While looking up this movie, I was surprised to find it had won an Oscar. Lee Marvin won the Best Actor award for his portrayal of Eli ‘Kid’ Shelleen and Tim Strawn. It won a few other awards and was generally well-received by critics at the time. It was also one of the top-grossing movies of the year. Yet, we never got another female-led western like this one. How disappointing.

Because of the older men in my life, I’ve seen a fair few westerns, and it’s a genre of movies and books that I have enjoyed watching and reading. My problem with it and why I don’t enjoy more of it, is its depiction of women. Most of the time, they’re an afterthought, and other times they’re used as a tragedy to push the hero on to greatness. This isn’t a problem only westerns suffer from. It’s just harder to find female-led stories in the genre. Cat Ballou is one of just a handful of western movies led by women. Wyoming by Zane Grey and Ride the River by Louis L’Amour are my favorite western books. It’s been a while, but I used to re-read them frequently.

The Godless miniseries on Netflix is the last female-led western that I remember happening. Even that, though, had a man come in and save an entire town of women. I was so infuriated by that series, mainly because the trailer sold me something that wasn’t what I got.

I’ll stop before this gets any longer or angrier. Pretty sure more of these rants are to come, though.

Nat ‘King’ Cole and Stubby Kaye sing the narration in this movie, and I will end up having it stuck in my head for days.

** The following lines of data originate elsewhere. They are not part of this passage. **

(* Let $n\ge4$ and let $h=\prod_{x}L_{x,i_{n-1}}$, where $x$ runs over a set of representatives of $Q_{n-2}/\{1,-1\}$ (the factors commute and do not depend on the choice of representatives). Then $h(z)=z$ for all $z\in Q_{n-1}$ and $h(z)=-z$ for all $z\in Q_n\setminus Q_{n-1}$; i.e. $h=\prod(z,-z)$ over representatives $z$ of $(Q_n\setminus Q_{n-1})/\{1,-1\}$.
   Context: Cayley--Dickson loops: $Q_0=\{1,-1\}\subset\mathbb{R}$ with conjugation $x^*=x$. For $n\ge1$, $Q_n=\{(x,0),(x,1)\mid x\in Q_{n-1}\}$ with multiplication $(x,0)(y,0)=(xy,0)$, $(x,0)(y,1)=(yx,1)$, $(x,1)(y,0)=(xy^*,1)$, $(x,1)(y,1)=(-y^*x,0)$ and conjugation $(x,0)^*=(x^*,0)$, $(x,1)^*=(-x,1)$, where $-(x,a)=(-x,a)$. $Q_n$ is a loop with neutral element $1=(1,0,\dots,0)$; $-x=(-1)x$. $Q_{n-1}$ is identified with the subloop $\{(x,0)\}\subset Q_n$, so $Q_{n-2}\subset Q_{n-1}\subset Q_n$. Canonical generators: $i_n=(1_{Q_{n-1}},1)\in Q_n$, and $i_1,\dots,i_{n-1}$ are the canonical generators of $Q_{n-1}\subset Q_n$. $L_x(a)=xa$, $L_{x,y}=L_{yx}^{-1}L_yL_x$. *)

From HB Require Import structures.
From mathcomp Require Import all_boot.
Set Implicit Arguments. Unset Strict Implicit. Unset Printing Implicit Defensive.

(* Carrier of Q_n: Q_0 = bool (false = 1, true = -1);
   Q_{n+1} = Q_n * bool, the pair (x, a) with a : bool as in the paper. *)
Fixpoint Qt (n : nat) : finType :=
  match n with
  | 0 => (bool : finType)
  | m.+1 => ((Qt m * bool)%type : finType)
  end.

Fixpoint Qone (n : nat) : Qt n :=
  match n return Qt n with
  | 0 => false
  | m.+1 => (Qone m, false)
  end.

Fixpoint Qneg (n : nat) : Qt n -> Qt n :=
  match n return Qt n -> Qt n with
  | 0 => fun x => ~~ x
  | m.+1 => fun x => (Qneg x.1, x.2)
  end.

Fixpoint Qconj (n : nat) : Qt n -> Qt n :=
  match n return Qt n -> Qt n with
  | 0 => fun x => x
  | m.+1 => fun x => if x.2 then (Qneg x.1, true) else (Qconj x.1, false)
  end.

Fixpoint Qmul (n : nat) : Qt n -> Qt n -> Qt n :=
  match n return Qt n -> Qt n -> Qt n with
  | 0 => fun a b => xorb a b
  | m.+1 => fun u v =>
      let x := u.1 in let y := v.1 in
      match u.2, v.2 with
      | false, false => (Qmul x y, false)
      | false, true  => (Qmul y x, true)
      | true,  false => (Qmul x (Qconj y), true)
      | true,  true  => (Qneg (Qmul (Qconj y) x), false)
      end
  end.

Definition Qemb (n : nat) (x : Qt n) : Qt n.+1 := (x, false).

(* canonical generator i_{n+1} = (1_{Q_n}, 1) of Q_{n+1} *)
Definition Qgen (n : nat) : Qt n.+1 := (Qone n, true).

(* left translation L_a and its inverse L_a^{-1} (left division; since Q_n is a
   loop, the c with a c = b is unique) *)
Definition QL (n : nat) (a : Qt n) : Qt n -> Qt n := Qmul a.
Definition QLinv (n : nat) (a : Qt n) (b : Qt n) : Qt n :=
  odflt b [pick c : Qt n | Qmul a c == b].

Definition QLxy (n : nat) (x y : Qt n) : Qt n -> Qt n :=
  fun z => QLinv (Qmul y x) (QL y (QL x z)).

Definition is_rep_list (m : nat) (s : seq (Qt m)) : Prop :=
  uniq s /\ forall x : Qt m, (x \in s) = ~~ (Qneg x \in s).

(* the factor L_{x, i_{n-1}} acting on Q_n, n = m+2, for x in Q_{n-2} *)
Definition hfactor (m : nat) (x : Qt m) : Qt m.+2 -> Qt m.+2 :=
  QLxy (Qemb (Qemb x)) (Qemb (Qgen m)).

Definition hprod (m : nat) (s : seq (Qt m)) : Qt m.+2 -> Qt m.+2 :=
  foldr (fun x f => hfactor x \o f) id s.

From mathcomp Require Import all_boot.
Set Implicit Arguments. Unset Strict Implicit.

(* Every factor L_{x,i_{n-1}} (x in Q_{n-2}, n = m+2) acts on Q_n as a sign
   change z |-> +-z, so any two factors commute and a product of factors sends
   z to (-1)^k z, where k counts the factors that negate z.  Any two elements commute or anticommute, and they
   commute iff one of them is real or they agree up to sign.  Unfolding the
   Cayley--Dickson doubling twice then identifies the sign of L_{x,i}(z) for
   z = ((w,a),b): for z in Q_{n-1} (b = 0) it is - iff x and w anticommute,
   for z outside Q_{n-1} (b = 1) it is - iff x is non-real and commutes with w.
   Finally, over a set of representatives of Q_{n-2}/{+-1} (2^m elements, one of
   them real) these conditions hold for an even number of x when b = 0 and an
   odd number when b = 1, which gives h(z) = z resp. h(z) = -z. *)

Lemma negK n (x : Qt n) : Qneg (Qneg x) = x.
Proof. by elim: n x => [|n IH] [] //= u a; rewrite IH. Qed.

Lemma neg_inj n : injective (@Qneg n).
Proof. exact: can_inj (@negK n). Qed.

Lemma negI n (x y : Qt n) : (Qneg x == Qneg y) = (x == y).
Proof. by apply/eqP/eqP => [/neg_inj|->]. Qed.

Lemma neq_neg n (x : Qt n) : (x == Qneg x) = false.
Proof. by elim: n x => [|n IH] [] //= u a; rewrite xpair_eqE IH. Qed.

Lemma conjK n (x : Qt n) : Qconj (Qconj x) = x.
Proof. by elim: n x => [|n IH] // [u []] /=; rewrite ?IH ?negK. Qed.

Lemma conjN n (x : Qt n) : Qconj (Qneg x) = Qneg (Qconj x).
Proof. by elim: n x => [|n IH] // [u []] /=; rewrite ?IH. Qed.

Lemma conj1 n : Qconj (Qone n) = Qone n.
Proof. by elim: n => [|n IH] //=; rewrite IH. Qed.

(* Multiplication commutes with negation on both sides (proved jointly, since
   the doubling formula for (x,1)(y,1) swaps the factors). *)
Lemma mulN n (x y : Qt n) :
  Qmul (Qneg x) y = Qneg (Qmul x y) /\ Qmul x (Qneg y) = Qneg (Qmul x y).
Proof.
elim: n x y => [|n IH] x y; first by case: x; case: y.
by case: x => u [] ; case: y => v [] /=; rewrite ?conjN ?(proj1 (IH _ _)) ?(proj2 (IH _ _)).
Qed.

Lemma mulNl n (x y : Qt n) : Qmul (Qneg x) y = Qneg (Qmul x y).
Proof. exact: (proj1 (mulN _ _)). Qed.

Lemma mulNr n (x y : Qt n) : Qmul x (Qneg y) = Qneg (Qmul x y).
Proof. exact: (proj2 (mulN _ _)). Qed.

Lemma conjM n (x y : Qt n) : Qconj (Qmul x y) = Qmul (Qconj y) (Qconj x).
Proof.
elim: n x y => [|n IH] x y; first by case: x; case: y.
by case: x => u [] ; case: y => v [] /=; rewrite ?conjN ?IH ?mulNl ?mulNr ?negK ?conjK.
Qed.

Lemma mul1 n (x : Qt n) : Qmul (Qone n) x = x /\ Qmul x (Qone n) = x.
Proof.
elim: n x => [|n IH] x; first by case: x.
by case: x => u [] /=; rewrite ?conj1 ?(proj1 (IH _)) ?(proj2 (IH _)).
Qed.

Lemma mul1l n (x : Qt n) : Qmul (Qone n) x = x.
Proof. exact: (proj1 (mul1 _)). Qed.

Lemma mul1r n (x : Qt n) : Qmul x (Qone n) = x.
Proof. exact: (proj2 (mul1 _)). Qed.

Lemma inverse_property n (a c : Qt n) :
  Qmul (Qconj a) (Qmul a c) = c /\ Qmul (Qmul c a) (Qconj a) = c.
Proof.
elim: n a c => [|n IH] a c; first by case: a; case: c.
have L1 (x y : Qt n) : Qmul (Qconj x) (Qmul x y) = y by apply: (proj1 (IH _ _)).
have R1 (x y : Qt n) : Qmul (Qmul y x) (Qconj x) = y by apply: (proj2 (IH _ _)).
have L2 (x y : Qt n) : Qmul x (Qmul (Qconj x) y) = y by rewrite -{1}(conjK x) L1.
have R2 (x y : Qt n) : Qmul (Qmul y (Qconj x)) x = y by rewrite -{2}(conjK x) R1.
by case: a => u [] ; case: c => v [] /=;
  rewrite ?conjN ?conjM ?conjK ?mulNl ?mulNr ?negK ?L1 ?R1 ?L2 ?R2.
Qed.

Lemma mul_conj_swap n (u v : Qt n) : Qmul (Qconj u) v = Qconj (Qmul (Qconj v) u).
Proof. by rewrite conjM conjK. Qed.

Lemma mulKconj n (a c : Qt n) : Qmul (Qconj a) (Qmul a c) = c.
Proof. exact: (proj1 (inverse_property _ _)). Qed.

Lemma mul_conjl n (y : Qt n) : Qmul (Qconj y) y = Qone n.
Proof. by rewrite -{2}(mul1r y) mulKconj. Qed.

Lemma QLinvE n (a b c : Qt n) : Qmul a c = b -> QLinv a b = c.
Proof.
move=> acb; rewrite /QLinv; case: pickP => [c' /eqP ac'b | /(_ c)] /=.
  by rewrite -(mulKconj a c') ac'b -acb mulKconj.
by rewrite acb eqxx.
Qed.

Definition isreal n (x : Qt n) : bool := (x == Qone n) || (x == Qneg (Qone n)).

Lemma isreal_pair n (u : Qt n) (a : bool) : isreal ((u, a) : Qt n.+1) = ~~ a && isreal u.
Proof. by rewrite /isreal /= !xpair_eqE; case: a; rewrite ?andbF ?andbT. Qed.

Lemma isrealN n (w : Qt n) : isreal (Qneg w) = isreal w.
Proof. by rewrite /isreal -{1}(negK (Qone n)) !negI orbC. Qed.

Lemma conjE n (x : Qt n) : Qconj x = if isreal x then x else Qneg x.
Proof.
elim: n x => [|n IH] x; first by case: x.
by case: x => u [] /=; rewrite isreal_pair //= IH; case: (isreal u).
Qed.

Lemma isreal_div n (u v : Qt n) : isreal (Qmul (Qconj v) u) = (u == v) || (u == Qneg v).
Proof.
apply/idP/idP => [|/orP[] /eqP ->]; rewrite /isreal ?mulNr ?mul_conjl ?eqxx ?orbT //.
rewrite -{3 4}(mulKconj (Qconj v) u) conjK.
by case/orP => /eqP ->; rewrite ?mulNr mul1r eqxx ?orbT.
Qed.

Definition comm n (x y : Qt n) : bool := Qmul x y == Qmul y x.

Lemma commC n (a b : Qt n) : comm a b = comm b a.
Proof. by rewrite /comm eq_sym. Qed.

Lemma commNl n (a b : Qt n) : comm (Qneg a) b = comm a b.
Proof. by rewrite /comm mulNl mulNr negI. Qed.

Lemma commNr n (a b : Qt n) : comm a (Qneg b) = comm a b.
Proof. by rewrite commC commNl commC. Qed.

Lemma comm_conjl n (a b : Qt n) : comm (Qconj a) b = comm a b.
Proof. by rewrite conjE; case: ifP; rewrite ?commNl. Qed.

Lemma comm_conjr n (a b : Qt n) : comm a (Qconj b) = comm a b.
Proof. by rewrite commC comm_conjl commC. Qed.

Lemma comm_or_anticomm n (x y : Qt n) : Qmul x y = Qmul y x \/ Qmul x y = Qneg (Qmul y x).
Proof.
elim: n x y => [|n IH] x y; first by left; case: x; case: y.
case: x => u [] ; case: y => v [] /=.
- rewrite (mul_conj_swap u) [Qconj (Qmul _ _)]conjE.
  by case: (isreal _); rewrite ?negK; [left|right].
- by rewrite (conjE v); case: (isreal v); rewrite ?mulNr; [left|right].
- by rewrite (conjE u); case: (isreal u); rewrite ?mulNr ?negK; [left|right].
- by case: (IH u v) => ->; [left|right].
Qed.

Lemma mulC_sign n (x y : Qt n) : Qmul x y = if comm x y then Qmul y x else Qneg (Qmul y x).
Proof.
rewrite /comm; case: (comm_or_anticomm x y) => ->; first by rewrite eqxx.
by rewrite eq_sym neq_neg.
Qed.

Lemma commE n (x y : Qt n) : comm x y = [|| isreal x, isreal y, x == y | x == Qneg y].
Proof.
rewrite /comm; elim: n x y => [|n IH] x y; first by case: x; case: y.
case: x => u [] ; case: y => v []; rewrite /= !isreal_pair /= ?xpair_eqE /= ?andbT ?andbF //.
- rewrite negI (mul_conj_swap u) [Qconj (Qmul _ _)]conjE isreal_div.
  by case: ifP => _; rewrite ?eqxx // neq_neg.
- by rewrite !orbF (conjE v); case: (isreal v); rewrite ?eqxx // mulNr eq_sym neq_neg.
- by rewrite !orbF (conjE u); case: (isreal u); rewrite ?eqxx // mulNr neq_neg.
Qed.

Lemma comm_real n (a b : Qt n) : isreal a -> comm a b.
Proof. by rewrite commE => ->. Qed.

(* hflip x z holds when the factor L_{x,i_{n-1}} negates z = ((w,a),b). *)
Definition hflip m (x : Qt m) (z : Qt m.+2) : bool :=
  if z.2 then ~~ isreal x && comm x z.1.1 else ~~ comm x z.1.1.

Lemma hflipN m (x : Qt m) (z : Qt m.+2) : hflip x (Qneg z) = hflip x z.
Proof. by case: z => [[w a] b]; rewrite /hflip /= commNr. Qed.

(* Each factor is a sign change: L_{x,i}(z) = +-z.  Equivalently
   (i x) z = +- i (x z), which is checked by unfolding the doubling twice. *)
Lemma hfactorE m (x : Qt m) (z : Qt m.+2) : hfactor x z = if hflip x z then Qneg z else z.
Proof.
rewrite /hfactor /QLxy /QL; apply: QLinvE; rewrite (fun_if (Qmul _)) mulNr.
suff -> : Qmul (Qmul (Qemb (Qgen m)) (Qemb (Qemb x))) z =
   (if hflip x z then Qneg (Qmul (Qemb (Qgen m)) (Qmul (Qemb (Qemb x)) z))
    else Qmul (Qemb (Qgen m)) (Qmul (Qemb (Qemb x)) z)).
  by case: (hflip x z); rewrite ?negK.
case: z => [[w a] b]; rewrite /hflip /=.
case: a; case: b => /=; rewrite ?conj1 ?mul1l ?mul1r ?conjK.
- rewrite (conjE x); case: (boolP (isreal x)) => [xr|_] /=.
    by rewrite (mulC_sign x w) comm_real.
  by rewrite mulNr negK (mulC_sign x w); case: (comm x w); rewrite ?negK.
- rewrite conjM (mulC_sign (Qconj w)) comm_conjl comm_conjr commC.
  by case: (comm x w); rewrite ?negK.
- rewrite (conjE x); case: (boolP (isreal x)) => [xr|_] /=.
    by rewrite (mulC_sign x w) comm_real.
  by rewrite mulNl (mulC_sign x w); case: (comm x w); rewrite ?negK.
- by rewrite conjM (mulC_sign (Qconj x)) comm_conjl comm_conjr; case: (comm x w).
Qed.

(* Sign changes whose sign is invariant under z |-> -z commute. *)
Lemma hfactor_comm m (x y : Qt m) : hfactor x \o hfactor y =1 hfactor y \o hfactor x.
Proof.
move=> z /=; rewrite !hfactorE.
by case Hy: (hflip y z); case Hx: (hflip x z); rewrite ?hflipN ?Hx ?Hy ?negK.
Qed.

Lemma hprodE m (s : seq (Qt m)) (z : Qt m.+2) :
  hprod s z = if odd (count (fun x => hflip x z) s) then Qneg z else z.
Proof.
elim: s => [|x s IH] //=; rewrite hfactorE IH oddD.
by case: (odd _); rewrite ?hflipN; case: (hflip x z); rewrite ?negK.
Qed.

Lemma card_Qt m : #|Qt m| = 2 ^ m.+1.
Proof. by elim: m => [|m IH]; rewrite ?card_bool // expnS -IH card_prod card_bool mulnC. Qed.

Lemma size_rep m (s : seq (Qt m)) : is_rep_list s -> size s = 2 ^ m.
Proof.
case=> us hs; apply/eqP; rewrite -(eqn_pmul2l (isT : 0 < 2)) mul2n -addnn -expnS.
rewrite -card_Qt -(cardC (mem s)) (card_uniqP us); apply/eqP; congr (_ + _).
have -> : #|[predC s]| = #|map (@Qneg m) s|.
  by apply: eq_card => x; rewrite !inE -{2}(negK x) (mem_map (@neg_inj m)) hs negbK.
by rewrite (card_uniqP _) ?size_map // (map_inj_uniq (@neg_inj m)).
Qed.

Lemma count_pm m (s : seq (Qt m)) (a : Qt m) : is_rep_list s ->
  count (fun x => (x == a) || (x == Qneg a)) s = 1.
Proof.
case=> us hs; have := count_predUI (pred1 a) (pred1 (Qneg a)) s.
rewrite (@eq_count _ (predI _ _) pred0) ?count_pred0 ?addn0; last first.
  by move=> x /=; apply/negP => /andP[/eqP -> ]; rewrite neq_neg.
by rewrite !count_uniq_mem // => ->; rewrite hs; case: (Qneg a \in s).
Qed.

Lemma count_real m (s : seq (Qt m)) : is_rep_list s -> count (@isreal m) s = 1.
Proof. exact: count_pm. Qed.

Lemma count_comm m (s : seq (Qt m)) (w : Qt m) : is_rep_list s ->
  count (fun x => comm x w) s = if isreal w then 2 ^ m else 2.
Proof.
move=> hs; case: ifP => Hw.
  by rewrite -(size_rep hs) -count_predT; apply: eq_count => x; rewrite /= commE Hw orbT.
rewrite (eq_count (a2 := predU (@isreal m) (fun x => (x == w) || (x == Qneg w)))); last first.
  by move=> x; rewrite /= commE Hw.
have := count_predUI (@isreal m) (fun x => (x == w) || (x == Qneg w)) s.
rewrite (@eq_count _ (predI _ _) pred0) ?count_pred0 ?addn0 ?count_real ?count_pm //.
by move=> x /=; apply/negP => /andP[Hx /orP[] /eqP E]; move: Hx; rewrite E ?isrealN Hw.
Qed.

Lemma count_comm_nonreal m (s : seq (Qt m)) (w : Qt m) : is_rep_list s ->
  count (fun x => ~~ isreal x && comm x w) s = count (fun x => comm x w) s - 1.
Proof.
move=> hs; have reals : count (predI (@isreal m) (fun x => comm x w)) s = 1.
  rewrite -(count_real hs); apply: eq_count => x /=.
  by case: (boolP (isreal x)) => // /comm_real ->.
have := count_predC (@isreal m) [seq x <- s | comm x w].
by rewrite size_filter !count_filter reals => <-; rewrite addKn.
Qed.

Lemma count_hflip_odd m (s : seq (Qt m)) (z : Qt m.+2) : 0 < m -> is_rep_list s ->
  odd (count (fun x => hflip x z) s) = z.2.
Proof.
move=> m_gt0 hs; have odd2m : odd (2 ^ m) = false by rewrite oddX eqn0Ngt m_gt0.
have le2m : 2 <= 2 ^ m by rewrite -{1}(expn1 2) leq_exp2l.
case: z => [[w a] []]; rewrite /hflip /=.
  by rewrite count_comm_nonreal // count_comm //; case: ifP; rewrite oddB ?odd2m ?expn_gt0.
have -> : count (fun x => ~~ comm x w) s = 2 ^ m - count (fun x => comm x w) s.
  by rewrite -(size_rep hs) -(count_predC (fun x => comm x w) s) addKn.
by rewrite count_comm //; case: ifP; rewrite ?subnn // oddB ?odd2m.
Qed.

Theorem mainTheorem15 (m : nat) (hm : 2 <= m) :
  (forall x y : Qt m, hfactor x \o hfactor y =1 hfactor y \o hfactor x) /\
  (forall s : seq (Qt m), is_rep_list s ->
     forall z : Qt m.+2,
       hprod s z = (if z.2 then Qneg z else z)).
Proof.
split; first exact: hfactor_comm.
move=> s hs z; rewrite hprodE count_hflip_odd //.
exact: leq_trans hm.
Qed.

There is a comedic element to the film, but it’s more of an undertone than flat out Blazing Saddles.

There are so many things to enjoy about this movie, and I’m happy that it’s one I own.

Bells are Ringing (1960)

The Great Movie Re-Watch

Bells are Ringing (1960)

Director:

Vincente Minnelli

Writers:

Betty Comden

Adolph Green

Starring:

Judy Holliday

Dean Martin

Fred Clark

Eddie Foy Jr.

Jean Stapleton

Blurb:

A Brooklyn answering service operator becomes involved in the lives of her clients, including a struggling playwright with whom she begins to fall in love.

Thoughts:

This is the first movie on my list that is a comfort watch. Bells are Ringing isn’t as good as any of my previous films. Most people probably haven’t heard of it, and I completely understand if people don’t like it. The songs are good, with Dean Martin singing most songs would sound good. There’s nothing remarkable about the dancing. Judy Holliday is pretty funny. The story is dated but entertaining as long as you turn your brain off.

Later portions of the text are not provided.